> [ABOUT THIS TASK] Repeat only the lines below from the one containing "Proof. by apply: (addrI (mul 0" through the one containing "Proof. by apply: (addrI (mul x y)); rewrite -ra_mulDl", inclusive, exactly as written.

Segment Start: THE RECORDS

(* Let $A$ be an Archimedean semiprime $f$-algebra which is bounded quasi-inversion closed, and let $a\in A$ with $a\le 0$. Then $a$ is quasi-invertible and its quasi-inverse $a^\ast$ satisfies $0\le a^\ast$.
   Context: An $f$-algebra is a real associative algebra that is a vector lattice with $A_+A_+\subseteq A_+$ and such that $a\wedge b=0$ implies $ac\wedge b=ca\wedge b=0$ for all $c\in A_+$; it is semiprime if $0$ is its only nilpotent element. An element $a\in A$ is quasi-invertible if there is $a^\ast\in A$ (necessarily unique, called the quasi-inverse) with $a+a^\ast=aa^\ast$; $Q(A)$ denotes the set of such elements. $A$ is bounded quasi-inversion closed if for every $a\in A$, $|a|\le|a^2-a|$ implies $a\in Q(A)$. *)

From HB Require Import structures.
From mathcomp Require Import all_boot all_order all_algebra.
From mathcomp Require Import reals.
Set Implicit Arguments. Unset Strict Implicit. Unset Printing Implicit Defensive.
Import Order.TTheory GRing.Theory Num.Theory.
Local Open Scope ring_scope.

Record rieszAlgebra (R : realType) := RieszAlgebra {
  ra_V :> lmodType R;
  ra_mul : ra_V -> ra_V -> ra_V;
  ra_le : ra_V -> ra_V -> Prop;
  ra_meet : ra_V -> ra_V -> ra_V;
  ra_join : ra_V -> ra_V -> ra_V;
  ra_mulA : forall x y z, ra_mul x (ra_mul y z) = ra_mul (ra_mul x y) z;
  ra_mulDl : forall x y z, ra_mul (x + y) z = ra_mul x z + ra_mul y z;
  ra_mulDr : forall x y z, ra_mul x (y + z) = ra_mul x y + ra_mul x z;
  ra_mulZl : forall (c : R) x y, ra_mul (c *: x) y = c *: ra_mul x y;
  ra_mulZr : forall (c : R) x y, ra_mul x (c *: y) = c *: ra_mul x y;
  ra_le_refl : forall x, ra_le x x;
  ra_le_anti : forall x y, ra_le x y -> ra_le y x -> x = y;
  ra_le_trans : forall x y z, ra_le x y -> ra_le y z -> ra_le x z;
  ra_leD : forall x y z, ra_le x y -> ra_le (x + z) (y + z);
  ra_leZ : forall (c : R) x y, 0 <= c -> ra_le x y -> ra_le (c *: x) (c *: y);
  ra_meet_l : forall x y, ra_le (ra_meet x y) x;
  ra_meet_r : forall x y, ra_le (ra_meet x y) y;
  ra_meet_glb : forall x y z, ra_le z x -> ra_le z y -> ra_le z (ra_meet x y);
  ra_join_l : forall x y, ra_le x (ra_join x y);
  ra_join_r : forall x y, ra_le y (ra_join x y);
  ra_join_lub : forall x y z, ra_le x z -> ra_le y z -> ra_le (ra_join x y) z
}.

Section FAlgebraDefs.
Variables (R : realType) (A : rieszAlgebra R).

Local Notation "x <=A y" := (ra_le x y) (at level 70).
Local Notation mul := (@ra_mul R A).

Definition ra_pos (x : A) : Prop := 0 <=A x.

Definition ra_abs (x : A) : A := ra_join x (- x).

Definition is_falgebra : Prop :=
  (forall x y : A, ra_pos x -> ra_pos y -> ra_pos (mul x y)) /\
  (forall a b c : A, ra_meet a b = 0 -> ra_pos c ->
     ra_meet (mul a c) b = 0 /\ ra_meet (mul c a) b = 0).

Definition archimedean_ra : Prop :=
  forall x y : A, ra_pos x -> ra_pos y -> (forall n : nat, x *+ n <=A y) -> x = 0.

(* a^(n+1) *)
Definition ra_powS (a : A) (n : nat) : A := iter n (mul a) a.

Definition nilpotent_ra (a : A) : Prop := exists n : nat, ra_powS a n = 0.

Definition semiprime_ra : Prop := forall a : A, nilpotent_ra a -> a = 0.

Definition is_quasi_inverse (a b : A) : Prop := a + b = mul a b.

Definition quasi_invertible (a : A) : Prop := exists b : A, is_quasi_inverse a b.

Definition bqi_closed : Prop :=
  forall a : A, ra_abs a <=A ra_abs (mul a a - a) -> quasi_invertible a.

End FAlgebraDefs.

(* For a <= 0 the element a^2 - a is a sum of two positive elements, so it
   dominates |a| = -a and bounded quasi-inversion closedness applies.  For the
   sign of a quasi-inverse b = u - v (u, v >= 0 disjoint), multiply
   a + b = a b on the left by v: the f-algebra axioms kill v u and v a u,
   leaving v^2 = v a + v a v <= 0, so v^2 = 0 and v = 0 by semiprimeness. *)
From HB Require Import structures.
From mathcomp Require Import all_boot all_order all_algebra.
From mathcomp Require Import reals.
Import Order.TTheory GRing.Theory Num.Theory.
Local Open Scope ring_scope.
Set Implicit Arguments. Unset Strict Implicit.

Section RieszAlgebraTheory.
Variables (R : realType) (A : rieszAlgebra R).
Local Notation "x <=A y" := (@ra_le R A x y) (at level 70).
Local Notation mul := (@ra_mul R A).
Local Notation meet := (@ra_meet R A).
Local Notation join := (@ra_join R A).

Lemma ra_mul0l (y : A) : mul 0 y = 0.
Proof. by apply: (addrI (mul 0 y)); rewrite -ra_mulDl !addr0. Qed.

Lemma ra_mul0r (x : A) : mul x 0 = 0.
Proof. by apply: (addrI (mul x 0)); rewrite -ra_mulDr !addr0. Qed.

Lemma ra_mulNl (x y : A) : mul (- x) y = - mul x y.
Proof. by apply: (addrI (mul x y)); rewrite -ra_mulDl !subrr ra_mul0l. Qed.

Lemma ra_mulNr (x y : A) : mul x (- y) = - mul x y.
Proof. by apply: (addrI (mul x y)); rewrite -ra_mulDr !subrr ra_mul0r. Qed.

Lemma ra_leN2 (x y : A) : x <=A y -> - y <=A - x.
Proof.
move=> h; have := ra_leD (- x - y) h.
by rewrite addrA addrN add0r addrCA addrN addr0.
Qed.

Lemma ra_oppr_ge0 (x : A) : x <=A 0 -> 0 <=A - x.
Proof. by move=> h; rewrite -oppr0; exact: ra_leN2. Qed.

Lemma ra_oppr_le0 (x : A) : 0 <=A x -> - x <=A 0.
Proof. by move=> h; rewrite -oppr0; exact: ra_leN2. Qed.

Lemma ra_lerDl (x y : A) : 0 <=A y -> x <=A x + y.
Proof. by move=> h; have := ra_leD x h; rewrite add0r addrC. Qed.

Lemma ra_addr_le0 (x y : A) : x <=A 0 -> y <=A 0 -> x + y <=A 0.
Proof. by move=> hx hy; apply: ra_le_trans (ra_leD y hx) _; rewrite add0r. Qed.

Lemma ra_meetC (x y : A) : meet x y = meet y x.
Proof. by apply: ra_le_anti; apply: ra_meet_glb;
  first [exact: ra_meet_l | exact: ra_meet_r]. Qed.

Lemma ra_joinC (x y : A) : join x y = join y x.
Proof. by apply: ra_le_anti; apply: ra_join_lub;
  first [exact: ra_join_l | exact: ra_join_r]. Qed.

Lemma ra_meetxx (x : A) : meet x x = x.
Proof. by apply: ra_le_anti; [exact: ra_meet_l | apply: ra_meet_glb; exact: ra_le_refl]. Qed.

Lemma ra_meetDl (x y z : A) : meet (x + z) (y + z) = meet x y + z.
Proof.
apply: ra_le_anti; last first.
  by apply: ra_meet_glb; apply: ra_leD; [exact: ra_meet_l | exact: ra_meet_r].
have h : meet (x + z) (y + z) - z <=A meet x y.
  apply: ra_meet_glb; rewrite -[X in _ <=A X](addrK z).
    exact/ra_leD/ra_meet_l.
  exact/ra_leD/ra_meet_r.
by have := ra_leD z h; rewrite subrK.
Qed.

Lemma ra_meetN (x y : A) : meet (- x) (- y) = - join x y.
Proof.
apply: ra_le_anti; last first.
  by apply: ra_meet_glb; apply: ra_leN2; [exact: ra_join_l | exact: ra_join_r].
rewrite -[meet _ _]opprK; apply: ra_leN2; apply: ra_join_lub.
  by rewrite -[x]opprK; apply: ra_leN2; rewrite opprK; exact: ra_meet_l.
by rewrite -[y]opprK; apply: ra_leN2; rewrite opprK; exact: ra_meet_r.
Qed.

Lemma ra_abs_ge0 (x : A) : 0 <=A x -> ra_abs x = x.
Proof.
move=> h; apply: ra_le_anti; last exact: ra_join_l.
apply: ra_join_lub; first exact: ra_le_refl.
exact: ra_le_trans (ra_oppr_le0 h) h.
Qed.

Lemma ra_abs_le0 (x : A) : x <=A 0 -> ra_abs x = - x.
Proof.
move=> h; have := ra_abs_ge0 (ra_oppr_ge0 h).
by rewrite /ra_abs opprK ra_joinC.
Qed.

Lemma ra_disjoint_decomposition (x : A) :
  exists u v : A, [/\ 0 <=A u, 0 <=A v, x = u - v & meet u v = 0].
Proof.
exists (join x 0), (join x 0 - x); split.
- exact: ra_join_r.
- by rewrite -[X in X <=A _](addrN x); apply/ra_leD/ra_join_l.
- by rewrite opprB addrC subrK.
have := ra_meetDl 0 (- x) (join x 0).
by rewrite add0r addrC => ->; rewrite -{1}oppr0 ra_meetN ra_joinC addNr.
Qed.

Section FAlgebra.
Hypothesis HF : is_falgebra A.

Lemma ra_mul_ge0 (x y : A) : 0 <=A x -> 0 <=A y -> 0 <=A mul x y.
Proof. exact: (proj1 HF). Qed.

Lemma ra_mul_le0 (x y : A) : x <=A 0 -> y <=A 0 -> 0 <=A mul x y.
Proof.
move=> hx hy; rewrite -[mul x y]opprK -ra_mulNl -ra_mulNr.
by apply: ra_mul_ge0; exact: ra_oppr_ge0.
Qed.

Lemma ra_mul_ge0_le0 (x y : A) : 0 <=A x -> y <=A 0 -> mul x y <=A 0.
Proof.
move=> hx hy; rewrite -[mul x y]opprK -ra_mulNr.
by apply/ra_oppr_le0/ra_mul_ge0 => //; exact: ra_oppr_ge0.
Qed.

Lemma ra_mul_le0_ge0 (x y : A) : x <=A 0 -> 0 <=A y -> mul x y <=A 0.
Proof.
move=> hx hy; rewrite -[mul x y]opprK -ra_mulNl.
by apply/ra_oppr_le0/ra_mul_ge0 => //; exact: ra_oppr_ge0.
Qed.

(* x /\ y = 0 gives (x y) /\ y = 0 and then (x y) /\ (x y) = 0. *)
Lemma ra_disjoint_mul0 (x y : A) : meet x y = 0 -> mul x y = 0.
Proof.
move=> hxy; have [_ f_disj] := HF.
have hx : 0 <=A x by rewrite -hxy; exact: ra_meet_l.
have hy : 0 <=A y by rewrite -hxy; exact: ra_meet_r.
have [hxyy _] := f_disj _ _ _ hxy hy.
rewrite ra_meetC in hxyy.
by have [_] := f_disj _ _ _ hxyy hx; rewrite ra_meetxx.
Qed.

Lemma ra_abs_le_abs_sqr_sub (a : A) :
  a <=A 0 -> ra_abs a <=A ra_abs (mul a a - a).
Proof.
move=> ha; have hNa := ra_oppr_ge0 ha.
have hNa_le : - a <=A mul a a - a by rewrite addrC; exact/ra_lerDl/ra_mul_le0.
by rewrite ra_abs_le0 // ra_abs_ge0 //; exact: ra_le_trans hNa_le.
Qed.

Lemma ra_quasi_inverse_negpart_sqr0 (a u v : A) :
  a <=A 0 -> 0 <=A u -> 0 <=A v -> meet u v = 0 ->
  is_quasi_inverse a (u - v) -> mul v v = 0.
Proof.
move=> ha hu hv huv hb.
have hvu : mul v u = 0 by apply: ra_disjoint_mul0; rewrite ra_meetC.
have hvau : mul v (mul a u) = 0.
  apply/eqP; rewrite -oppr_eq0 -ra_mulNr -ra_mulNl; apply/eqP.
  apply: ra_disjoint_mul0; rewrite ra_meetC.
  by have [_ f_disj] := HF; case: (f_disj _ _ _ huv (ra_oppr_ge0 ha)).
have vv_eq : mul v v = mul v a + mul (mul v a) v.
  have := congr1 (mul v) hb; rewrite ra_mulA !ra_mulDr !ra_mulNr.
  rewrite hvu -ra_mulA hvau add0r sub0r => vb_eq.
  by rewrite -[LHS]opprK -[- mul v v](addKr (mul v a)) vb_eq opprD !opprK.
apply: ra_le_anti; last exact: ra_mul_ge0.
rewrite vv_eq; apply: ra_addr_le0; first exact: ra_mul_ge0_le0.
by apply: ra_mul_le0_ge0 => //; exact: ra_mul_ge0_le0.
Qed.

Hypothesis HS : semiprime_ra A.

Lemma ra_sqr_eq0 (v : A) : mul v v = 0 -> v = 0.
Proof. by move=> hvv; apply: HS; exists 1%N. Qed.

Lemma ra_quasi_inverse_le0_ge0 (a b : A) :
  a <=A 0 -> is_quasi_inverse a b -> 0 <=A b.
Proof.
move=> ha hb; have [u [v [hu hv bE huv]]] := ra_disjoint_decomposition b.
rewrite bE in hb *.
rewrite (ra_sqr_eq0 (ra_quasi_inverse_negpart_sqr0 ha hu hv huv hb)).
by rewrite subr0.
Qed.

End FAlgebra.
End RieszAlgebraTheory.

Theorem lemma1 (R : realType) (A : rieszAlgebra R) :
  is_falgebra A -> archimedean_ra A -> semiprime_ra A -> bqi_closed A ->
  forall a : A, ra_le a 0 ->
    quasi_invertible a /\
    (forall b : A, is_quasi_inverse a b -> ra_le 0 b).
Proof.
move=> HF _ HS HQ a ha; split.
  exact: HQ _ (ra_abs_le_abs_sqr_sub HF ha).
by move=> b; exact: ra_quasi_inverse_le0_ge0.
Qed.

Segment End: THE RECORDS

> [YOUR SOLUTION]
Proof. by apply: (addrI (mul 0 y)); rewrite -ra_mulDl !addr0. Qed.

Lemma ra_mul0r (x : A) : mul x 0 = 0.
Proof. by apply: (addrI (mul x 0)); rewrite -ra_mulDr !addr0. Qed.

Lemma ra_mulNl (x y : A) : mul (- x) y = - mul x y.
Proof. by apply: (addrI (mul x y)); rewrite -ra_mulDl !subrr ra_mul0l. Qed.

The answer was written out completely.